Modernità o tradizione? E' meglio cercare l'originalità a tutti i costi o è maggiormente vantaggioso riproporre, possibilmente in maniera non troppo scolastica, le caratteristiche peculiari dei classici?
La questione è annosa e, come appare chiaro, non riguarda esclusivamente il mondo della musica, essendo applicabile a molti settori dell'arte e della produzione di beni di consumo.
Alla fine si tratta, ovviamente, della solita questione di gusti, ma è evidente che tentare il percorso "estroso" è una scelta che non sempre paga, soprattutto se è un'opzione non presente nelle proprie corde ... insomma, sarebbe meglio fare quello a cui si è più portati e non sono frequentissimi i casi di cambiamento di rotta nel corso degli eventi realmente efficaci.
Tutta quest'introduzione per dire che difficilmente sarà possibile rintracciare nel suono dei veterani Baltimoore, giunti con "Fanatical" alla settima prova in studio, un qualunque bagliore d'aggiornamento sonoro ed in fondo questo non è da considerare assolutamente come un fattore negativo ... la loro materia preferita è un hard rock ad ampio spettro, che negli anni ha saputo mediare tra influenze AOR e lo spirito nobile ereditato dalla "sacra triade" Purple, Whitesnake e Rainbow, e visto che la conoscono così bene e la interpretano in modo così schietto, competente e genuino, perché auspicare un cambiamento radicale?
Certo, Björn Lodin non è più esattamente lo stesso che appariva in atteggiamento "pensieroso" ed enigmatico incorniciato sulla copertina del debutto "There's no danger on the roof" (tanto da farlo accostare anche per ragioni puramente estetiche ora a Robert Plant, altre volte a David Coverdale) e né Nikolo Kotzev (impegnato con i suoi Brazen Abbot), né Mats Olausson (tastierista collaboratore di Malmsteen) e tantomeno Ian Haugland (assorbito dagli impegni con i "rinati" Europe), che in passato hanno contribuito alla discografia della sua band, fanno più parte del "gioco", ma il rientro di Stefan Bergström (presente nei primi due album) e, innanzitutto direi, la conservazione pressoché assoluta delle considerevoli virtù vocali del vocalist scandinavo, rendono "Fanatical" un disco piuttosto piacevole per tutti gli appassionati del genere, anche maggiormente diretto e rough dei suoi predecessori.

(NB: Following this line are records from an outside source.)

(* Let $\sigma:\mathbb R^n\to\mathbb R^{n\times m}$ be of class $C^1$, $u:\mathbb R^n\to\mathbb R$ of class $C^2$ and $\bar x\in\mathbb R^n$. Consider $$h(a_1,a_2)=K(\bar x)\begin{pmatrix}a_1\\ a_2\end{pmatrix}\cdot \begin{pmatrix}a_1\\ a_2\end{pmatrix},\qquad a_1,a_2\in\mathbb R^m,\ |a_1|,|a_2|\leq 1.$$ Then the minimum of $h$ is nonpositive. If this minimum is negative, then it is attained at an eigenvector $v=(a_1,a_2)$ of $K(\bar x)$ associated with the minimal eigenvalue $\lambda$ of $K(\bar x)$, with $|a_1|=|a_2|=1$ and $h(v)=2\lambda$.
   Context: With $\sigma_i$ the columns of $\sigma$, $\nabla u\,\sigma(x)=(\nabla u(x)\cdot\sigma_1(x),\dots,\nabla u(x)\cdot\sigma_m(x))$ and $D(\nabla u\,\sigma)$ its $m\times n$ Jacobian, define $S(x)={}^t\sigma(x)\,{}^tD(\nabla u\,\sigma)(x)\in\mathbb R^{m\times m}$, $S^*=\frac12(S+{}^tS)$ and the symmetric matrix $K(x)=\begin{pmatrix}S^*(x)&{}^tS(x)\\ S(x)&S^*(x)\end{pmatrix}\in\mathbb R^{2m\times2m}$. *)

From HB Require Import structures.
From mathcomp Require Import all_boot all_order all_algebra.
From mathcomp Require Import all_classical all_reals all_analysis.
Set Implicit Arguments. Unset Strict Implicit. Unset Printing Implicit Defensive.
Import Order.TTheory GRing.Theory Num.Theory.
Import numFieldNormedType.Exports.
Local Open Scope ring_scope.

Section Defs.
Variable R : realType.

Definition ebasis (n : nat) (j : 'I_n) : 'rV[R]_n := delta_mx 0 j.

Definition partial (n : nat) (W : normedModType R) (f : 'rV[R]_n -> W)
  (j : 'I_n) (x : 'rV[R]_n) : W := 'D_(ebasis j) f x.

Definition C1 (n : nat) (W : normedModType R) (f : 'rV[R]_n -> W) : Prop :=
  continuous f /\
  forall j : 'I_n, (forall x, derivable f x (ebasis j)) /\ continuous (partial f j).

Definition C2 (n : nat) (W : normedModType R) (f : 'rV[R]_n -> W) : Prop :=
  C1 f /\ forall j : 'I_n, C1 (partial f j).

Definition grad (n : nat) (u : 'rV[R]_n -> R) (x : 'rV[R]_n) : 'rV[R]_n :=
  \row_j partial u j x.

Definition gradsig (n m : nat) (sigma : 'rV[R]_n -> 'M[R]_(n, m))
  (u : 'rV[R]_n -> R) (x : 'rV[R]_n) : 'rV[R]_m :=
  grad u x *m sigma x.

Definition jac_gradsig (n m : nat) (sigma : 'rV[R]_n -> 'M[R]_(n, m))
  (u : 'rV[R]_n -> R) (x : 'rV[R]_n) : 'M[R]_(m, n) :=
  \matrix_(i < m, j < n) partial (fun y => gradsig sigma u y 0 i) j x.

Definition Smat (n m : nat) (sigma : 'rV[R]_n -> 'M[R]_(n, m))
  (u : 'rV[R]_n -> R) (x : 'rV[R]_n) : 'M[R]_m :=
  (sigma x)^T *m (jac_gradsig sigma u x)^T.

Definition Sstar (n m : nat) (sigma : 'rV[R]_n -> 'M[R]_(n, m))
  (u : 'rV[R]_n -> R) (x : 'rV[R]_n) : 'M[R]_m :=
  2^-1 *: (Smat sigma u x + (Smat sigma u x)^T).

Definition Kmat (n m : nat) (sigma : 'rV[R]_n -> 'M[R]_(n, m))
  (u : 'rV[R]_n -> R) (x : 'rV[R]_n) : 'M[R]_(m + m) :=
  block_mx (Sstar sigma u x) (Smat sigma u x)^T (Smat sigma u x) (Sstar sigma u x).

Definition enorm (k : nat) (a : 'cV[R]_k) : R :=
  Num.sqrt (\sum_i (a i 0) ^+ 2).

Definition qform (k : nat) (A : 'M[R]_k) (v : 'cV[R]_k) : R :=
  \sum_i (A *m v) i 0 * v i 0.

Definition is_eigenvalue (k : nat) (A : 'M[R]_k) (lam : R) : Prop :=
  exists v : 'cV[R]_k, v != 0 /\ A *m v = lam *: v.

Definition is_min_eigenvalue (k : nat) (A : 'M[R]_k) (lam : R) : Prop :=
  is_eigenvalue A lam /\ forall mu, is_eigenvalue A mu -> lam <= mu.

End Defs.

From HB Require Import structures.
From mathcomp Require Import all_boot all_order all_algebra.
From mathcomp Require Import all_classical all_reals all_analysis.
From mathcomp Require Import lra.

(** K(xbar) is symmetric, so the minimum mu of its quadratic form on the unit
    sphere is its least eigenvalue, attained at an eigenvector v.  On the
    bidisk |a1|, |a2| <= 1 we have |a|^2 <= 2, hence h(a) >= mu |a|^2 >=
    min(0, 2 mu), and min h = min(0, 2 mu).  When mu < 0, the block shape of K
    balances the halves of v: with the skew-symmetric N = (S^T - S)/2 the
    eigenvalue equations give N(v1 + v2) = mu (v1 - v2), and pairing with
    v1 + v2 yields mu (|v1|^2 - |v2|^2) = 0.  So sqrt 2 * v lies in the bidisk
    with |a1| = |a2| = 1 and h(sqrt 2 * v) = 2 mu. *)

Set Implicit Arguments.
Unset Strict Implicit.
Unset Printing Implicit Defensive.

Import Order.TTheory GRing.Theory Num.Theory.
Import numFieldNormedType.Exports.
Local Open Scope ring_scope.

Section Dot.
Variable R : comRingType.

Definition vdot k (x y : 'cV[R]_k) : R := (x^T *m y) 0 0.

Lemma vdotE k (x y : 'cV[R]_k) : vdot x y = \sum_i x i 0 * y i 0.
Proof. by rewrite /vdot mxE; apply: eq_bigr => i _; rewrite mxE. Qed.

Lemma vdotC k (x y : 'cV[R]_k) : vdot x y = vdot y x.
Proof. by rewrite !vdotE; apply: eq_bigr => i _; rewrite mulrC. Qed.

Lemma vdot0r k (x : 'cV[R]_k) : vdot x 0 = 0.
Proof. by rewrite /vdot mulmx0 mxE. Qed.

Lemma vdotDr k (x y z : 'cV[R]_k) : vdot x (y + z) = vdot x y + vdot x z.
Proof. by rewrite /vdot mulmxDr mxE. Qed.

Lemma vdotNr k (x y : 'cV[R]_k) : vdot x (- y) = - vdot x y.
Proof. by rewrite /vdot mulmxN mxE. Qed.

Lemma vdotZr k (t : R) (x y : 'cV[R]_k) : vdot x (t *: y) = t * vdot x y.
Proof. by rewrite /vdot -scalemxAr mxE. Qed.

Lemma vdotDl k (x y z : 'cV[R]_k) : vdot (x + y) z = vdot x z + vdot y z.
Proof. by rewrite vdotC vdotDr !(vdotC z). Qed.

Lemma vdotNl k (x y : 'cV[R]_k) : vdot (- x) y = - vdot x y.
Proof. by rewrite vdotC vdotNr vdotC. Qed.

Lemma vdotZl k (t : R) (x y : 'cV[R]_k) : vdot (t *: x) y = t * vdot x y.
Proof. by rewrite vdotC vdotZr vdotC. Qed.

Lemma vdot_mulmx_tr k (A : 'M[R]_k) (x y : 'cV[R]_k) :
  vdot x (A *m y) = vdot (A^T *m x) y.
Proof. by rewrite /vdot trmx_mul trmxK mulmxA. Qed.

Lemma vdot_col_mx k1 k2 (a c : 'cV[R]_k1) (b d : 'cV[R]_k2) :
  vdot (col_mx a b) (col_mx c d) = vdot a c + vdot b d.
Proof. by rewrite /vdot tr_col_mx mul_row_col mxE. Qed.

End Dot.

Section RealDot.
Variable R : realFieldType.

Lemma vdot_ge0 k (x : 'cV[R]_k) : 0 <= vdot x x.
Proof. by rewrite vdotE; apply: sumr_ge0 => i _; rewrite -expr2 sqr_ge0. Qed.

Lemma vdot_eq0 k (x : 'cV[R]_k) : (vdot x x == 0) = (x == 0).
Proof.
apply/eqP/eqP => [|->]; last exact: vdot0r.
rewrite vdotE => /psumr_eq0P x0; apply/matrixP => i j; rewrite ord1 mxE.
by apply/eqP; rewrite -sqrf_eq0 expr2; apply/eqP/x0 => // l _; rewrite -expr2 sqr_ge0.
Qed.

Lemma vdot_gt0 k (x : 'cV[R]_k) : (0 < vdot x x) = (x != 0).
Proof. by rewrite lt_def vdot_eq0 vdot_ge0 andbT. Qed.

Lemma sqr_entry_le_vdot k (x : 'cV[R]_k) i : x i 0 ^+ 2 <= vdot x x.
Proof.
rewrite vdotE (bigD1 i) //= -expr2 lerDl.
by apply: sumr_ge0 => j _; rewrite -expr2 sqr_ge0.
Qed.

Lemma vdot_skew k (N : 'M[R]_k) (x : 'cV[R]_k) : N^T = - N -> vdot x (N *m x) = 0.
Proof.
move=> skewN; have : vdot x (N *m x) = - vdot x (N *m x).
  by rewrite {1}vdot_mulmx_tr skewN mulNmx vdotNl vdotC.
lra.
Qed.

Lemma lin_le_quad_le0 (a b : R) : (forall t, 0 < t -> t * b <= t ^+ 2 * a) -> b <= 0.
Proof.
move=> H; rewrite leNgt; apply/negP => b_gt0.
have a1_gt0 : 0 < `|a| + 1 by rewrite ltr_wpDl.
pose t := b / (`|a| + 1).
have t_gt0 : 0 < t by rewrite divr_gt0.
have tE : t * (`|a| + 1) = b by rewrite divfK ?gt_eqF.
have := H t t_gt0; have := ler_norm a; nra.
Qed.

Lemma psd_quad_eq0 k (P : 'M[R]_k) (v : 'cV[R]_k) : P^T = P ->
  (forall w, 0 <= vdot w (P *m w)) -> vdot v (P *m v) = 0 -> P *m v = 0.
Proof.
move=> Psym Ppsd Pv0; apply/eqP; rewrite -vdot_eq0 eq_le vdot_ge0 andbT.
set e := P *m v in Pv0 *.
have vPe : vdot v (P *m e) = vdot e e by rewrite vdot_mulmx_tr Psym vdotC.
suff : 2 * vdot e e <= 0 by rewrite pmulr_rle0.
apply: (@lin_le_quad_le0 (vdot e (P *m e))) => t t_gt0.
(* 0 <= q(v - t e) = - 2 t |e|^2 + t^2 q(e) *)
have := Ppsd (v - t *: e); rewrite mulmxBr -scalemxAr -/e.
rewrite !(vdotDl, vdotDr, vdotNl, vdotNr, vdotZl, vdotZr) Pv0 vPe; nra.
Qed.

Lemma rayleigh_min_eigenvector k (A : 'M[R]_k) (v : 'cV[R]_k) :
  A^T = A -> vdot v v = 1 ->
  (forall w, vdot v (A *m v) * vdot w w <= vdot w (A *m w)) ->
  A *m v = vdot v (A *m v) *: v.
Proof.
move=> Asym v1 vmin; apply/eqP; rewrite -subr_eq0 -mul_scalar_mx -mulmxBl.
apply/eqP/psd_quad_eq0 => [|w|].
- by rewrite linearB /= Asym tr_scalar_mx.
- by rewrite mulmxBl mul_scalar_mx vdotDr vdotNr vdotZr subr_ge0.
- by rewrite mulmxBl mul_scalar_mx vdotDr vdotNr vdotZr v1 mulr1 subrr.
Qed.

Lemma quad_col_mx_ge k (A : 'M[R]_(k + k)) (mu : R) (a1 a2 : 'cV[R]_k) :
  (forall w, mu * vdot w w <= vdot w (A *m w)) ->
  vdot a1 a1 <= 1 -> vdot a2 a2 <= 1 ->
  Num.min 0 (2 * mu) <= vdot (col_mx a1 a2) (A *m col_mx a1 a2).
Proof.
move=> Amin a11 a21; apply: le_trans (Amin _); rewrite vdot_col_mx.
have := vdot_ge0 a1; have := vdot_ge0 a2.
by have [mu_ge0|mu_lt0] := leP 0 mu; [rewrite min_l|rewrite min_r]; nra.
Qed.

End RealDot.

Section BlockMatrix.
Variable R : realFieldType.

Definition sym_part k (S : 'M[R]_k) := 2^-1 *: (S + S^T).

Definition Kblock k (S : 'M[R]_k) : 'M[R]_(k + k) :=
  block_mx (sym_part S) S^T S (sym_part S).

Lemma Kblock_sym k (S : 'M[R]_k) : (Kblock S)^T = Kblock S.
Proof.
have symS : (sym_part S)^T = sym_part S by apply/matrixP => i j; rewrite !mxE addrC.
by rewrite /Kblock tr_block_mx trmxK symS.
Qed.

Lemma Kblock_eigen_balanced k (S : 'M[R]_k) (a1 a2 : 'cV[R]_k) (lam : R) :
  Kblock S *m col_mx a1 a2 = lam *: col_mx a1 a2 -> lam != 0 ->
  vdot a1 a1 = vdot a2 a2.
Proof.
rewrite /Kblock mul_block_col scale_col_mx => /eq_col_mx [eq1 eq2] lam_neq0.
pose N := 2^-1 *: (S^T - S).
have skewN : N^T = - N by apply/matrixP => i j; rewrite !mxE; lra.
have N_sum : N *m (a1 + a2) = lam *: (a1 - a2).
  have E1 : sym_part S - S = N by apply/matrixP => i j; rewrite !mxE; lra.
  have E2 : S^T - sym_part S = N by apply/matrixP => i j; rewrite !mxE; lra.
  by rewrite mulmxDr -{1}E1 -E2 !mulmxBl scalerBr -eq1 -eq2 opprD addrACA.
have := vdot_skew (a1 + a2) skewN; rewrite N_sum vdotZr => /eqP.
rewrite mulf_eq0 (negbTE lam_neq0) /= => /eqP.
rewrite !(vdotDl, vdotDr, vdotNr) (vdotC a2 a1); lra.
Qed.

End BlockMatrix.

Section RayleighQuotient.
Variable R : realType.
Local Open Scope classical_set_scope.

Lemma continuous_quad_trmx k (A : 'M[R]_k) :
  continuous (fun w : 'rV[R]_k => vdot w^T (A *m w^T)).
Proof.
have -> : (fun w : 'rV[R]_k => vdot w^T (A *m w^T)) =
    fun w => \sum_i w 0 i * \sum_j A i j * w 0 j.
  apply: funext => w; rewrite vdotE; apply: eq_bigr => i _.
  by rewrite !mxE; congr (_ * _); apply: eq_bigr => j _; rewrite mxE.
apply: (@continuous_big _ _ _ _ _ add_continuous) => i _ w.
apply: continuousM; first exact: coord_continuous.
apply: (@continuous_big _ _ _ _ _ add_continuous) => j _ {}w.
by apply: continuousM; [exact: cst_continuous | exact: coord_continuous].
Qed.

Lemma compact_unit_sphere k : compact [set w : 'rV[R]_k | vdot w^T w^T = 1].
Proof.
apply: bounded_closed_compact.
  exists 1; split => // M M_gt1 w /= w1.
  rewrite [leLHS]/Num.Def.normr /= mx_normrE.
  apply: bigmax_le => [|[i j] _ /=]; first by rewrite ltW // (lt_trans _ M_gt1).
  have := sqr_entry_le_vdot w^T j; rewrite w1 ord1 mxE => wj.
  by rewrite ler_norml; apply/andP; split; nra.
have -> : [set w : 'rV[R]_k | vdot w^T w^T = 1] =
    (fun w => vdot w^T (1%:M *m w^T)) @^-1` [set 1].
  by apply/seteqP; split => w /=; rewrite mul1mx.
by apply: preimage_closed => [w _|]; [exact: continuous_quad_trmx | exact: closed_eq].
Qed.

Lemma exists_rayleigh_minimizer k (A : 'M[R]_k) : (0 < k)%N ->
  exists2 v : 'cV[R]_k, vdot v v = 1 &
    forall w, vdot v (A *m v) * vdot w w <= vdot w (A *m w).
Proof.
move=> k_gt0; set S := [set w : 'rV[R]_k | vdot w^T w^T = 1].
have S_neq0 : S !=set0.
  exists (delta_mx 0 (Ordinal k_gt0)).
  by rewrite /S /= /vdot trmxK trmx_delta mul_delta_mx mxE !eqxx.
have [c Sc cmin] := EVT_min_rV S_neq0 (@compact_unit_sphere k)
  (continuous_subspaceT (@continuous_quad_trmx k A)).
rewrite inE in Sc; exists c^T => // w.
have [->|w_neq0] := eqVneq w 0.
  by rewrite mulmx0 !vdot0r mulr0.
have w_gt0 : 0 < vdot w w by rewrite vdot_gt0.
pose s := Num.sqrt (vdot w w).
have s_gt0 : 0 < s by rewrite sqrtr_gt0.
have sc x : s^-1 * (s^-1 * x) = x / vdot w w.
  by rewrite mulrA -invfM -expr2 sqr_sqrtr ?ltW // mulrC.
have := cmin (s^-1 *: w)^T; rewrite !inE /S /= trmxK -scalemxAr.
rewrite !(vdotZl, vdotZr) !sc divff ?gt_eqF // => /(_ erefl).
by rewrite ler_pdivlMr.
Qed.

Lemma symmetric_min_eigenpair k (A : 'M[R]_k) : A^T = A -> (0 < k)%N ->
  exists v mu, [/\ vdot v v = 1, A *m v = mu *: v, is_min_eigenvalue A mu &
                   forall w, mu * vdot w w <= vdot w (A *m w)].
Proof.
move=> Asym k_gt0; have [v v1 vmin] := exists_rayleigh_minimizer A k_gt0.
exists v, (vdot v (A *m v)); split => //; first exact: rayleigh_min_eigenvector.
split => [|mu [w [w_neq0 Aw]]].
  exists v; split; last exact: rayleigh_min_eigenvector.
  by rewrite -vdot_gt0 v1 ltr01.
by have := vmin w; rewrite Aw vdotZr ler_pM2r // vdot_gt0.
Qed.

Lemma Kblock_eigen_unit_halves k (S : 'M[R]_k) (v : 'cV[R]_(k + k)) (lam : R) :
  Kblock S *m v = lam *: v -> lam != 0 -> vdot v v = 1 ->
  exists a1 a2,
    [/\ col_mx a1 a2 = Num.sqrt 2 *: v, vdot a1 a1 = 1 & vdot a2 a2 = 1].
Proof.
rewrite -[v]vsubmxK => Sv lam_neq0; rewrite vdot_col_mx => v1.
have balanced := Kblock_eigen_balanced Sv lam_neq0.
exists (Num.sqrt 2 *: usubmx v), (Num.sqrt 2 *: dsubmx v).
rewrite scale_col_mx !(vdotZl, vdotZr) !mulrA -expr2 sqr_sqrtr ?ler0n //.
by split => //; lra.
Qed.

Lemma qformE k (A : 'M[R]_k) (x : 'cV[R]_k) : qform A x = vdot x (A *m x).
Proof. by rewrite vdotE; apply: eq_bigr => i _; rewrite mulrC. Qed.

Lemma enormE k (x : 'cV[R]_k) : enorm x = Num.sqrt (vdot x x).
Proof. by rewrite vdotE; congr Num.sqrt; apply: eq_bigr => i _; rewrite expr2. Qed.

Lemma enorm0 k : enorm (0 : 'cV[R]_k) = 0.
Proof. by rewrite enormE vdot0r sqrtr0. Qed.

Lemma enorm_le1 k (x : 'cV[R]_k) : (enorm x <= 1) = (vdot x x <= 1).
Proof. by rewrite enormE -{1}sqrtr1 ler_sqrt. Qed.

Lemma enorm_eq1 k (x : 'cV[R]_k) : vdot x x = 1 -> enorm x = 1.
Proof. by rewrite enormE => ->; rewrite sqrtr1. Qed.

End RayleighQuotient.

Theorem proposition4 (R : realType) (n m : nat)
  (sigma : 'rV[R]_n -> 'M[R]_(n, m)) (u : 'rV[R]_n -> R) (xbar : 'rV[R]_n) :
  C1 sigma -> C2 u ->
  let K := Kmat sigma u xbar in
  let h := fun a1 a2 : 'cV[R]_m => qform K (col_mx a1 a2) in
  exists c : R,
    (* c is the minimum of h over |a1| <= 1, |a2| <= 1 *)
    ((exists a1 a2 : 'cV[R]_m, enorm a1 <= 1 /\ enorm a2 <= 1 /\ h a1 a2 = c) /\
     (forall a1 a2 : 'cV[R]_m, enorm a1 <= 1 -> enorm a2 <= 1 -> c <= h a1 a2)) /\
    c <= 0 /\
    (c < 0 ->
     exists (a1 a2 : 'cV[R]_m) (lam : R),
       is_min_eigenvalue K lam /\
       K *m col_mx a1 a2 = lam *: col_mx a1 a2 /\
       enorm a1 = 1 /\ enorm a2 = 1 /\
       h a1 a2 = c /\ h a1 a2 = 2 * lam).
Proof.
move=> _ _ K h.
have KE : K = Kblock (Smat sigma u xbar) by [].
have hE a1 a2 : h a1 a2 = vdot (col_mx a1 a2) (K *m col_mx a1 a2) by exact: qformE.
have h00 : h 0 0 = 0 by rewrite hE col_mx0 mulmx0 vdot0r.
have [m0|m_gt0] := posnP m.
  subst m; exists 0; split; [split|split] => //; last by rewrite ltxx.
  - by exists 0, 0; rewrite enorm0 ler01 h00.
  - by move=> a1 a2 _ _; rewrite [a1]flatmx0 [a2]flatmx0 h00.
have [v [mu [v1 Kv Kmin Kray]]] :=
  symmetric_min_eigenpair (Kblock_sym (Smat sigma u xbar)) (ltn_addr m m_gt0).
rewrite -KE in Kv Kmin Kray.
have h_ge a1 a2 : enorm a1 <= 1 -> enorm a2 <= 1 -> Num.min 0 (2 * mu) <= h a1 a2.
  by rewrite !enorm_le1 hE; exact: quad_col_mx_ge.
have [mu_ge0|mu_lt0] := leP 0 mu.
  exists 0; split; [split|split] => //; last by rewrite ltxx.
  - by exists 0, 0; rewrite enorm0 ler01 h00.
  - by move=> a1 a2 /h_ge/[apply]; rewrite min_l // mulr_ge0.
have [a1 [a2 [aE a11 a21]]] := Kblock_eigen_unit_halves Kv (ltr0_neq0 mu_lt0) v1.
have h_a : h a1 a2 = 2 * mu.
  rewrite hE aE -scalemxAr Kv !(vdotZl, vdotZr) v1 mulr1 mulrA -expr2.
  by rewrite sqr_sqrtr ?ler0n.
exists (2 * mu); split; [split|split].
- by exists a1, a2; rewrite !enorm_le1 a11 a21 lexx.
- by move=> b1 b2 /h_ge/[apply]; rewrite min_r // pmulr_rle0 ?ltW.
- by rewrite pmulr_rle0 ?ltW.
- move=> _; exists a1, a2, mu; rewrite h_a !enorm_eq1 //.
  by rewrite aE -scalemxAr Kv !scalerA mulrC.
Qed.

Ecco, più che un mutamento stilistico è proprio quest'atteggiamento prevalentemente "straight forward", l'autentica "novità" del Cd, mantenendo, in ogni caso, buona parte delle prerogative melodiche tipiche del Baltimoore sound, anche se immerse in quest'ambientazione particolarmente "fisica" e senza veri e propri momenti soft.
"Fanatical" diventa, così, un concentrato di hard-blues roccioso, cadenzato, senza contaminazioni "adulte", di quella razza genuina, pregna del feeling eruttato dall'ugola di Björn, risultato incestuoso tra le modulazioni ruvide di Rod Stewart, Paul Shortino, Dan McCafferty e Bon Scott con un pizzico del trasporto di Coverdale (un attributo effettivamente in questo caso meno evidente che in alcune situazioni del passato) ed incendiato dalle torride sei corde di Bergström e Sedenberg, che vibrano, soffrono ed ardono, innalzando ad arte la "temperatura".
Con questi presupposti e in tale contesto sonoro, non c'è molto da aggiungere sui singoli brani, se non segnalare "Fanatical", "My number 1", "Wishes and reality", "Kiss me", "You touch me and I'm healing" e "On the inside", come i miei preferiti di un Cd alquanto appassionante nel suo complesso.
Tornando al quesito iniziale, direi che, nelle vesti di fruitore musicale, entrambe le posizioni possono essere potenzialmente convenienti, a patto che si scelga adeguatamente i migliori esponenti delle due fazioni e non ci si aspetti incroci o improvvise "conversioni" reciproche particolarmente efficienti.
I Baltimoore nel loro settore di competenza sanno il fatto loro ... nessuna sperimentazione, solo del vecchio, caro, sano, trascinante ed intramontabile hard rock.